Outro caso de introspecção foi relatado publicamente por um senhor que acabara de sair do confessionário e que, sem respeito humano, com uma exuberância bem italiana, contava aos que quisessem ouvir seus pecados.
Fora de si de alegria, gesticulando, falando alto, parecia um ator empolgado em representar um papel diante de um auditório improvisado.
– Minha gente – dizia –, ouçam o que aconteceu comigo. Há trinta e cinco anos eu não botava os pés na igreja. Não queria saber nada de Deus, de Nossa Senhora, dos santos. Levava uma vida infernal. Isto mesmo, vivia como um condenado. Lá um dia uma senhora me sugeriu:
– Que tal você ir a San Giovanni Rotondo e falar com o padre Pio?
Garanto que acabaria tomando jeito nesta sua vida de blasfemador.
Achei graça:
– Se pensa que para o seu Padre eu sou um bocado fácil de engolir, se pensa que ele me apanha com a mesma facilidade como aos outros, está enganada – respondi. Mas, no fundo, esta ideia me incomodava, me verrumava como uma broca perfurando a rocha. Por fim disse a mim mesmo: “Afinal, por que não tentar? É a melhor maneira de me livrar desta ideia importuna”.

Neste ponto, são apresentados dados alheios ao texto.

(* Let $\mathfrak m$ be an infinite cardinal, let $(E,\mathcal L)$ be an $\mathfrak m$-exact local representation over an infinite set $B$, and let $B'\subseteq B$ be infinite. Let $E'=\{e\in E:\{\psi\in B^E:\psi_e\in B'\}\in\mathcal L\}$, equipped with the sub-local-representation structure over $B'$. Then $E'$ is an $\mathfrak m$-exact local representation over $B'$.
   Context: A local representation over a set $B$ is a pair $(E,\mathcal L)$ with $\mathcal L$ an ultrafilter on the cylinder Boolean algebra of $B^E$ (sets $\{\psi\in B^E:(\psi_{e_1},\dots,\psi_{e_n})\in R\}$, $e_i\in E$, $R\subseteq B^n$). Separated: $\{\psi:\psi_{e_1}=\psi_{e_2}\}\in\mathcal L$ only if $e_1=e_2$. The sub-local-representation structure on $E'$ over $B'$ is the ultrafilter $\mathcal L'$ on the cylinder algebra of $B'^{E'}$ with $\{\psi'\in B'^{E'}:(\psi'_{e_1},\dots,\psi'_{e_n})\in R\}\in\mathcal L'$ iff $\{\psi\in B^E:(\psi_{e_1},\dots,\psi_{e_n})\in R\}\in\mathcal L$, for $e_i\in E'$, $R\subseteq B'^n$. For $\eta:I\to E$, the pullback of $\mathcal L$ by $\eta$ is the ultrafilter on the cylinder algebra of $B^I$ of cylinders $C$ with $\{\psi:(\psi_{\eta(i)})_{i\in I}\in C\}\in\mathcal L$; for $i_0\notin I$, the projection to $B^I$ of an ultrafilter $\mathcal U$ on the cylinders of $B^{I\cup\{i_0\}}$ is the set of cylinders of $B^I$ whose preimage under restriction is in $\mathcal U$. For an infinite cardinal $\mathfrak m$, $(E,\mathcal L)$ is $\mathfrak m$-exact if it is separated and for every $I$ with $|I|<\mathfrak m$, $i_0\notin I$, $\eta:I\to E$, and ultrafilter $\mathcal U$ on the cylinder algebra of $B^{I\cup\{i_0\}}$ projecting to the pullback of $\mathcal L$ by $\eta$, there is $e\in E$ such that the pullback of $\mathcal L$ by $\eta\cup\{i_0\mapsto e\}$ equals $\mathcal U$. *)

From Stdlib Require Import List.
Import ListNotations.
Lemma card_row_full a b :
  #|[set C : 'M[F]_(b, a) | row_full C]|%:R = \prod_(l < a) ((q ^ b)%:R - (q ^ l)%:R) :> R.
Proof.
rewrite -card_row_free !natr_card_set (reindex (@trmx F a b)) /=; last first.
  by exists (@trmx F b a) => C _; rewrite trmxK.
by apply: eq_bigr => C _; rewrite /row_full /row_free mxrank_tr.
Qed.

Lemma card_submx_rank n r k (W : 'M[F]_(r, k)) (P : pred nat) : row_free W ->
  #|[set B : 'M[F]_(n, k) | (B <= W)%MS && P (\rank B)]| =
  #|[set C : 'M[F]_(n, r) | P (\rank C)]|.
Proof.
move=> freeW; rewrite -(card_imset _ (row_free_inj freeW)); congr #|pred_of_set _|.
apply/setP => B; rewrite inE; apply/andP/imsetP => [[/submxP[C ->]] | [C]].
  by rewrite mxrankMfree // => PC; exists C; rewrite ?inE.
by rewrite inE => PC ->; rewrite submxMl mxrankMfree.
Qed.

Lemma card_genmx_eq n k (U : 'M[F]_k) :
  #|[set M : 'M[F]_(n, k) | <<M>>%MS == <<U>>%MS]|%:R =
  \prod_(l < \rank U) ((q ^ n)%:R - (q ^ l)%:R) :> R.
Proof.
rewrite -card_row_full.
rewrite -(card_submx_rank n (fun m => m == \rank U) (row_base_free U)).
congr (#|pred_of_set _|%:R); apply/setP => M; rewrite !inE (eq_row_base U).
apply/eqP/andP => [/genmxP eqMU | [sMU /eqP rkM]]; last first.
  by apply/genmxP; rewrite -(mxrank_leqif_eq sMU).2 rkM.
by split; [case/andP: eqMU | rewrite (eqmx_rank eqMU)].
Qed.

End RankCounting.

(* Subspaces of F^k are represented by their canonical generators [<<U>>]. *)
Definition is_space (F : fieldType) k (U : 'M[F]_k) := (<<U>>%MS == U).

Lemma card_genmx_partition (F : finFieldType) n k (Q : pred 'M[F]_k) :
  #|[set M : 'M[F]_(n, k) | Q <<M>>%MS]| =
  (\sum_(U : 'M_k | is_space U && Q U) #|[set M : 'M[F]_(n, k) | <<M>>%MS == U]|)%N.
Proof.
rewrite -sum1_card (partition_big (fun M => <<M>>%MS) (fun U => is_space U && Q U)) /=.
  apply: eq_bigr => U /andP[_ QU]; rewrite -sum1_card; apply: eq_bigl => M.
  by rewrite !inE; case: eqP => [-> | _]; rewrite ?andbT ?andbF.
by move=> M; rewrite inE /is_space genmx_id eqxx.
Qed.

Section SpaceCounting.

Variable F : finFieldType.
Local Notation q := #|F|.

Lemma card_spaces_rank_mul k (V : 'M[F]_k) (d : nat) :
  #|[set U : 'M_k | [&& is_space U, (U <= V)%MS & \rank U == d]]|%:R *
    \prod_(l < d) ((q ^ d)%:R - (q ^ l)%:R)
  = \prod_(l < d) ((q ^ \rank V)%:R - (q ^ l)%:R) :> rat.
Proof.
(* Count the row-free d x k matrices with rows in V in two ways: by their
   coordinates in a basis of V, and by their row space. *)
rewrite -[RHS]card_row_free.
rewrite -(card_submx_rank d (fun m => m == d) (row_base_free V)) /=.
rewrite (_ : [set B | _] =
             [set B : 'M_(d, k) | (<<B>> <= V)%MS && (\rank <<B>> == d)]); last first.
  by apply/setP => B; rewrite !inE genmxE mxrank_gen (eq_row_base V).
rewrite (card_genmx_partition d (fun U => (U <= V)%MS && (\rank U == d))) natr_sum.
rewrite natr_card_set big_distrl /= [RHS]big_mkcond /=; apply: eq_bigr => U _.
case: (boolP (is_space U)) => /= [/eqP spU | _]; last by rewrite mul0r.
case: (boolP ((U <= V)%MS && (\rank U == d))) => [/andP[_ /eqP rkU] | _].
  by rewrite mul1r -{1}spU card_genmx_eq rkU.
by rewrite mul0r.
Qed.

Lemma card_spaces_rank k (V : 'M[F]_k) (d : nat) :
  #|[set U : 'M_k | [&& is_space U, (U <= V)%MS & \rank U == d]]|%:R =
  gbinom q (\rank V) d.
Proof.
rewrite /gbinom lez_nat /=; case: leqP => [le_dV | lt_Vd]; last first.
  rewrite (_ : [set _ | _] = set0) ?cards0 //; apply/setP => U; rewrite !inE.
  by apply/and3P => -[_ /mxrankS sUV /eqP rkU]; move: lt_Vd; rewrite -rkU ltnNge sUV.
have q_gt1 := card_finNzRing_gt1 F.
have den_neq0 : \prod_(l < d) ((q ^ d)%:R - (q ^ l)%:R) != 0 :> rat.
  by apply/prodf_neq0 => l _; rewrite subr_eq0 eqr_nat eqn_exp2l // gtn_eqF.
by rewrite prodf_div -card_spaces_rank_mul mulfK.
Qed.

End SpaceCounting.

Section ComplementSpaces.

Variables (F : fieldType) (k : nat) (E V : 'M[F]_k).
Hypotheses (capEV : (E :&: V = 0)%MS) (addEV : (1%:M <= E + V)%MS).

Lemma adds_cap_compl (U : 'M_k) : (E <= U)%MS -> (E + (U :&: V) :=: U)%MS.
Proof.
move=> sEU; rewrite capmxC; apply: eqmx_trans (matrix_modl V sEU) _.
by apply/capmx_idPr; apply: submx_trans addEV; apply: submx1.
Qed.

Lemma cap_adds_compl (W : 'M_k) : (W <= V)%MS -> ((E + W) :&: V :=: W)%MS.
Proof.
move=> sWV; rewrite addsmxC; apply: eqmx_trans (eqmx_sym (matrix_modl E sWV)) _.
by rewrite capEV; apply: addsmx0.
Qed.

Lemma mxrank_adds_compl (W : 'M_k) :
  (W <= V)%MS -> \rank (E + W)%MS = (\rank E + \rank W)%N.
Proof.
move=> sWV; apply: mxrank_disjoint_sum; apply/eqP; rewrite -submx0 -capEV.
exact: capmxS.
Qed.

End ComplementSpaces.
Lemma relative_entropy_density_ge0 {R : realType} (a b : R) :
  0 < a -> 0 < b -> 0 <= a * (ln a - ln b) - a + b.
Proof.
move=> a_gt0 b_gt0; have ba_gt0 : 0 < b / a by rewrite divr_gt0.
have := ln_le_subr1 ba_gt0; rewrite ln_div ?posrE // -subr_ge0 => h.
have -> : a * (ln a - ln b) - a + b = a * (b / a - 1 - (ln b - ln a)).
  by field; rewrite gt_eqF.
exact: mulr_ge0 (ltW a_gt0) h.
Qed.

Section maxwellian.
Context {R : realType} (c : R).
Hypothesis c_gt0 : 0 < c.

Let c_neq0 : c != 0. Proof. by rewrite gt_eqF. Qed.
Let sqrt2pi_gt0 : 0 < Num.sqrt (2 * pi) :> R.
Proof. by rewrite sqrtr_gt0 mulr_gt0 // pi_gt0. Qed.

Lemma maxwellianE (A U x : R) : maxwellian c A U x = A * normal_pdf U c x.
Proof.
rewrite /maxwellian /chi normal_pdfE // /normal_peak /normal_fun.
have -> : c ^+ 2 * pi *+ 2 = c ^+ 2 * (2 * pi) by rewrite -mulrnAr -mulr_natl.
rewrite (@sqrtrM _ (c ^+ 2)) ?sqr_ge0 // sqrtr_sqr gtr0_norm //.
have -> : - ((x - U) / c) ^+ 2 / 2 = - (x - U) ^+ 2 / (c ^+ 2 *+ 2) by field.
by field; rewrite c_neq0 gt_eqF.
Qed.

Lemma maxwellian_gt0 (A U x : R) : 0 < A -> 0 < maxwellian c A U x.
Proof. by move=> A_gt0; rewrite maxwellianE mulr_gt0 ?normal_pdf_gt0. Qed.

Lemma ln_maxwellian (A U x : R) : 0 < A ->
  ln (maxwellian c A U x) =
  ln A - ln (c * Num.sqrt (2 * pi)) - (x - U) ^+ 2 / (2 * c ^+ 2).
Proof.
move=> A_gt0; have cs_gt0 : 0 < c * Num.sqrt (2 * pi) by rewrite mulr_gt0.
have -> : maxwellian c A U x =
          A / (c * Num.sqrt (2 * pi)) * expR (- ((x - U) / c) ^+ 2 / 2).
  by rewrite /maxwellian /chi; field; rewrite c_neq0 gt_eqF.
rewrite lnM ?posrE ?expR_gt0 ?divr_gt0 // ln_div ?posrE // expRK.
by field.
Qed.

Lemma has_integral_maxwellian (A U : R) : has_integral (maxwellian c A U) A.
Proof.
have := has_integralZ A (has_integral_normal_pdf c U); rewrite mulr1.
by apply: eq_has_integral => x; rewrite maxwellianE.
Qed.

Lemma has_integral_mul_maxwellian (A U : R) :
  has_integral (fun x => x * maxwellian c A U x) (A * U).
Proof.
apply: eq_has_integral (has_integralZ A (normal_pdf_mean c_gt0 U)) => x.
by rewrite maxwellianE mulrCA.
Qed.

Lemma admissible_maxwellian (A Q : R) : 0 < A ->
  admissible A Q (maxwellian c A (Q / A)).
Proof.
move=> A_gt0; have [iM eM] := has_integral_maxwellian A (Q / A).
have [ixM exM] := has_integral_mul_maxwellian A (Q / A).
rewrite mulrCA divff ?gt_eqF // mulr1 in exM.
split => //; split => [|x]; last exact: maxwellian_gt0.
rewrite (funext (maxwellianE A (Q / A))).
exact: measurable_funM (measurable_normal_pdf _ _).
Qed.

End maxwellian.

Section maxwellian_energy.
Context {R : realType} (c g A Q Zt : R).
Hypotheses (c_gt0 : 0 < c) (A_gt0 : 0 < A).
Local Notation mu := (@lebesgue_measure R).
Local Notation U := (Q / A).
Local Notation M := (maxwellian c A (Q / A)).

(* The part of the energy density that is affine in [f] and in [x f]; its
   integral over an admissible [f] is fixed by the mass and momentum. *)
Let energy_affine (f : R -> R) (x : R) : R :=
  c ^+ 2 * (f x - M x) + (c ^+ 2 * ln A + g * Zt - U ^+ 2 / 2) * f x
  + U * (x * f x).

Let energy_densityE (f : R -> R) (x : R) : 0 < f x ->
  energy_density c g Zt f x =
  energy_affine f x + c ^+ 2 * (f x * (ln (f x) - ln (M x)) - f x + M x).
Proof.
move=> fx_gt0; rewrite ln_maxwellian // /energy_density /energy_affine.
rewrite lnM ?posrE ?sqrtr_gt0 ?mulr_gt0 ?pi_gt0 //.
by field; rewrite !gt_eqF.
Qed.

Let has_integral_energy_affine (f : R -> R) : admissible A Q f ->
  has_integral (energy_affine f)
    (Q ^+ 2 / (2 * A) + c ^+ 2 * A * ln A + g * A * Zt).
Proof.
move=> [_ if_ ixf ef exf].
have := has_integralD
  (has_integralD (has_integralZ (c ^+ 2) (has_integralB (conj if_ ef)
                                            (has_integral_maxwellian c_gt0 A U)))
                 (has_integralZ (c ^+ 2 * ln A + g * Zt - U ^+ 2 / 2) (conj if_ ef)))
  (has_integralZ U (conj ixf exf)).
have -> : c ^+ 2 * (A - A) + (c ^+ 2 * ln A + g * Zt - U ^+ 2 / 2) * A + U * Q =
          Q ^+ 2 / (2 * A) + c ^+ 2 * A * ln A + g * A * Zt.
  by field; rewrite gt_eqF.
exact: eq_has_integral.
Qed.
(* Let $\Gamma$ be a finitely generated infinite group, $\{\Gamma_n\}_{n\in\mathbb N}$ finite-index normal subgroups, $f\in\mathbb{R}\Gamma$ well-balanced and $g\in\mathbb{R}\Gamma$. There exists $C>0$ such that whenever $\pi_n(g)=h\,\pi_n(f)$ for some $n\in\mathbb{N}$ and $h\in\mathbb{R}(\Gamma/\Gamma_n)$, one has $$\max_{s\Gamma_n\in\Gamma/\Gamma_n}h_{s\Gamma_n}-\min_{s\Gamma_n\in\Gamma/\Gamma_n}h_{s\Gamma_n}\le C.$$
   Context: $f\in\mathbb{R}\Gamma$ is well-balanced if $\sum_sf_s=0$, $f_s\le0$ for $s\ne e$, $f_s=f_{s^{-1}}$, and the support of $f$ generates $\Gamma$. $\pi_n:\mathbb{R}\Gamma\to\mathbb{R}(\Gamma/\Gamma_n)$ is the ring homomorphism induced by the quotient map, $\pi_n(g)_{s\Gamma_n}=\sum_{t\in s\Gamma_n}g_t$; products in $\mathbb{R}(\Gamma/\Gamma_n)$ are convolutions over the finite group $\Gamma/\Gamma_n$. *)

From Stdlib Require Import Reals List Classical ClassicalEpsilon.
Open Scope R_scope.

Record Group := {
  carrier :> Type;
  gmul : carrier -> carrier -> carrier;
  ginv : carrier -> carrier;
  gone : carrier;
  gmulA : forall x y z, gmul x (gmul y z) = gmul (gmul x y) z;
  gmul1l : forall x, gmul gone x = x;
  gmulVl : forall x, gmul (ginv x) x = gone }.
Arguments gmul {_} _ _.
Arguments ginv {_} _.
Arguments gone {_}.

Inductive gen {G : Group} (S : G -> Prop) : G -> Prop :=
| gen_one : gen S gone
| gen_base x : S x -> gen S x
| gen_mul x y : gen S x -> gen S y -> gen S (gmul x y)
| gen_inv x : gen S x -> gen S (ginv x).

Definition finitely_generated (G : Group) : Prop :=
  exists l : list G, forall x, gen (fun s => In s l) x.

Definition infinite_group (G : Group) : Prop :=
  ~ exists l : list G, forall x : G, In x l.

Definition is_subgroup {G : Group} (H : G -> Prop) : Prop :=
  H gone /\ (forall x y, H x -> H y -> H (gmul x y)) /\ (forall x, H x -> H (ginv x)).

Definition is_normal {G : Group} (H : G -> Prop) : Prop :=
  forall g x, H x -> H (gmul (ginv g) (gmul x g)).

Definition finite_index {G : Group} (H : G -> Prop) : Prop :=
  exists l : list G, forall x, exists r, In r l /\ H (gmul (ginv r) x).

Definition is_transversal {G : Group} (H : G -> Prop) (l : list G) : Prop :=
  NoDup l /\ (forall x, exists r, In r l /\ H (gmul (ginv r) x)) /\
  (forall r1 r2, In r1 l -> In r2 l -> H (gmul (ginv r1) r2) -> r1 = r2).

Definition transversal {G : Group} (H : G -> Prop) : list G :=
  epsilon (inhabits nil) (is_transversal H).

Definition lsum {A : Type} (l : list A) (F : A -> R) : R :=
  fold_right (fun a acc => F a + acc) 0 l.

(* Elements of RG: finitely supported functions G -> R. *)
Definition finsupp {G : Group} (f : G -> R) : Prop :=
  exists l : list G, forall x, f x <> 0 -> In x l.

Definition supp_list {G : Group} (f : G -> R) : list G :=
  epsilon (inhabits nil) (fun l => NoDup l /\ forall x, f x <> 0 -> In x l).

Definition total {G : Group} (f : G -> R) : R := lsum (supp_list f) f.

Definition well_balanced {G : Group} (f : G -> R) : Prop :=
  finsupp f /\ total f = 0 /\
  (forall s, s <> gone -> f s <= 0) /\
  (forall s, f s = f (ginv s)) /\
  (forall x, gen (fun s => f s <> 0) x).

(* Elements of R(G/H) are represented as functions G -> R constant on cosets. *)
Definition coset_invariant {G : Group} (H : G -> Prop) (h : G -> R) : Prop :=
  forall x y, H (gmul (ginv x) y) -> h x = h y.
(* Let $(X_n)_{n\ge 0}$ be a time-homogeneous Markov chain on a measurable state space $\Omega$, let $S\subset\Omega$ be a measurable set, let $\tau=\min\{n\ge 0: X_n\notin S\}$, and let $\nu$ be a quasistationary distribution (QSD) of the chain in $S$. Fix integers $N\ge 1$ and $T_{\rm poll}\ge 1$. Let $(X^1_n)_{n\ge0},\dots,(X^N_n)_{n\ge0}$ be $N$ independent copies of the Markov chain (same transition kernel) whose initial positions $X^1_0,\dots,X^N_0$ are i.i.d. with law exactly $\nu$, and let $\tau^j=\min\{n\ge0: X^j_n\notin S\}$. Define $$M=\min\{m\ge 1:\ \exists\, j\in\{1,\dots,N\}\text{ with } \tau^j\le mT_{\rm poll}\},\qquad K=\min\{j\in\{1,\dots,N\}:\ \tau^j\le MT_{\rm poll}\},$$ and $$X_{\rm acc}=X^K_{\tau^K},\qquad T_{\rm acc}=(N-1)(M-1)T_{\rm poll}+(K-1)T_{\rm poll}+\tau^K .$$ (That is, the replicas are run synchronously in blocks of $T_{\rm poll}$ steps until some replica leaves $S$ during a block; $K$ is the smallest index of a replica leaving $S$ during that block.) Then $(X_{\rm acc},T_{\rm acc})$ has the same law as $(X_\tau,\tau)$, where $(X_n)_{n\ge 0}$ is the Markov chain started from $X_0\sim\nu$.
   Context: A probability measure $\nu$ with support in $S$ is a quasistationary distribution (QSD) in $S$ if for every measurable $A\subset S$ and every $n\in\mathbb N$, $\nu(A)=\mathbb P^\nu(X_n\in A\mid \tau>n)$, where $\mathbb P^\nu$ denotes the law of the chain started from $X_0\sim\nu$ and $\tau=\min\{n\ge0: X_n\notin S\}$ is the first exit time from $S$. *)

From HB Require Import structures.
From mathcomp Require Import all_boot all_order all_algebra.
From mathcomp Require Import all_classical all_reals all_analysis.
Set Implicit Arguments. Unset Strict Implicit. Unset Printing Implicit Defensive.
Import Order.TTheory GRing.Theory Num.Theory.
Local Open Scope classical_set_scope.
Local Open Scope ring_scope.

Definition omin (P : pred nat) : option nat :=
  match pselect (exists n, P n) with
  | left h => Some (ex_minn h)
  | right _ => None
  end.

(* "t <= b" for an option-valued time (None = +infinity) *)
Definition ole (t : option nat) (b : nat) : bool :=
  if t is Some s then (s <= b)%N else false.

Section Chains.
Context {d : measure_display} {Omega : measurableType d}.
Theorem mainTheorem3 (L : fieldExtType rat) (F : {subfield L}) (pi : L)
  (hCM : CM_with_max_real F)
  (hgen : <<1%VS; pi>>%VS = fullv)
  (hord : is_order (OFpi F pi))
  (v : lset L) (hv : is_ideal (OF F) v)
  (hvf : divI (OF F) v (condplus F (OFpi F pi)))
  (p : lset L) (hp : is_prime (OF F) p) (k : nat) (hk : (1 <= k)%N)
  (hpk : divI (OF F) (powS (OF F) p k) v)
  (e : nat) (he : pval (OF F) p v e)
  (R : seq (lset L)) (hR : forall i, (i < size R)%N -> inv_ideal (OFpi F pi) (nth (fun _ => False) R i))
  (h1 : rel_holds (Ord F (mulS (powZ F (OF F) p (k%:Z - 1 - e%:Z)) v)) R)
  (h2 : ~ rel_holds (Ord F (powS (OF F) p k)) R) :
  forall f : lset L, is_ideal (OF F) f -> divI (OF F) f v ->
    (divI (OF F) (powS (OF F) p k) f <-> ~ rel_holds (Ord F f) R).
Proof.
move=> f hf [C [hC eC]]; have p_ideal := prime_ideal hp.
have v_pk : subS v (powS (OF F) p k) := divI_subS (powS_ideal p_ideal k).2 hpk.
have v_p : subS v p by move=> x /v_pk; rewrite -(prednK hk); apply: (powSS_subS p_ideal).
have p_inv := prime_invertible (OF_fg hord) hp (pval_neq0 p_ideal hv he v_p).
have le_ke := pval_le p_ideal p_inv hv hpk he.
have v_pe : subS v (powS (OF F) p e) := divI_subS (powS_ideal p_ideal e).2 he.1.
split=> [pk_f holds|not_holds].
  apply: h2; apply: (rel_holds_ext (Ord_subring hf) (Ord_subring (powS_ideal p_ideal k))) holds.
  exact/Ord_subS/(divI_subS (powS_ideal p_ideal k).2 pk_f).
apply: contrapT => not_pk_f; apply: not_holds; rewrite powZ_neg // in h1.
have sub_f := inv_powS_mul_subS p_ideal p_inv hp hf hC eC v_pe not_pk_f le_ke.
have hQv : is_ideal (OF F) (mulS (powS (OF F) (invS F (OF F) p) (e - k).+1) v).
  by split; [move=> x /sub_f /hf.1 | apply: mulS_module hv.2].
exact: (rel_holds_ext (Ord_subring hQv) (Ord_subring hf) (Ord_subS sub_f)) h1.
Qed.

Pois é, gente, cheguei aqui ontem à noite. Tudo lotado. E eu, que por nada abro mão do meu conforto, não consegui engolir a janta nem dormir direito. Aquilo bagunçou meu coreto. Passei a noite pensando nos meus pecados. Nunca os tinha visto de perto. Era um verdadeiro desfile. Cheguei a ficar coberto de suor. Também com este calor… Pelas duas da madrugada, à minha volta começaram a disparar os despertadores. Dos quartos vizinhos me chegavam seus sons agudos. Trrr… Trrrr… Que podia eu fazer? Levantei na marra, como todo mundo. Tonto de sono, cuspindo palavrões, fui à igreja.
Alguma coisa de inexplicável me empurrava para lá. Esperei um tempão com os outros diante da porta e com eles também entrei depois. Assisti à Missa do padre Pio. Que Missa! Mas eu me defendia tapando os ouvidos para não escutar suas palavras, tudo em vão. Notei que começava a perder terreno.
As orações que ouvia pareciam rachar minha cabeça e eu pronunciava as palavras como um autômato. Depois da Missa, nem sei de que maneira me encontrei na sacristia. Queria ver o Padre de perto, ele e suas chagas. Nisto ele se aproximou e perguntou:
– Não está sentindo a mão de Deus sobre sua cabeça?
– Padre, desejo me confessar! – foi tudo que consegui balbuciar.
– Venha então.
Ajoelhei, mas a minha cabeça estava oca. Vazia como uma panela. Fazia um esforço danado, e não conseguia lembrar um único pecado. Enxergava-os em conjunto, como um lodo viscoso, mas não um a um, como os tinha visto durante a noite. Por onde começar? Vendo-me botar as mãos pelos pés, o Padre me animou:
– Coragem, Filho. Por que se preocupa tanto? Já não me contou tudo durante a Missa? Vamos lá…
Ele mesmo se pôs a enumerar meus pecados, um a um, todos. Até os que havia esquecido. Eu só precisei dizer sim. Por fim, me deu a absolvição.
Agora me sinto leve como uma criança, livre, livre.
– Agradeça à Mãe do Céu! – me disse o Padre na saída.
Boa gente, estou contando isto para que agradeçam a Deus comigo.
Após relatar o fato, Ryska aproveita agora tecer outros comentários sobre a extraordinária arte de se confessar do padre Pio, que “penetrava na alma como a relha do arado penetra na terra. Dissipação as trevas com a violência de um relâmpago, sacudia como um trovão, afundava-se nas consciências como o bisturi do cirurgião cortando os tecido doentes. Abalava e demolida. Só ficava satisfeito ao ver os penitentes vencidos e determinados a começar uma vida nova”.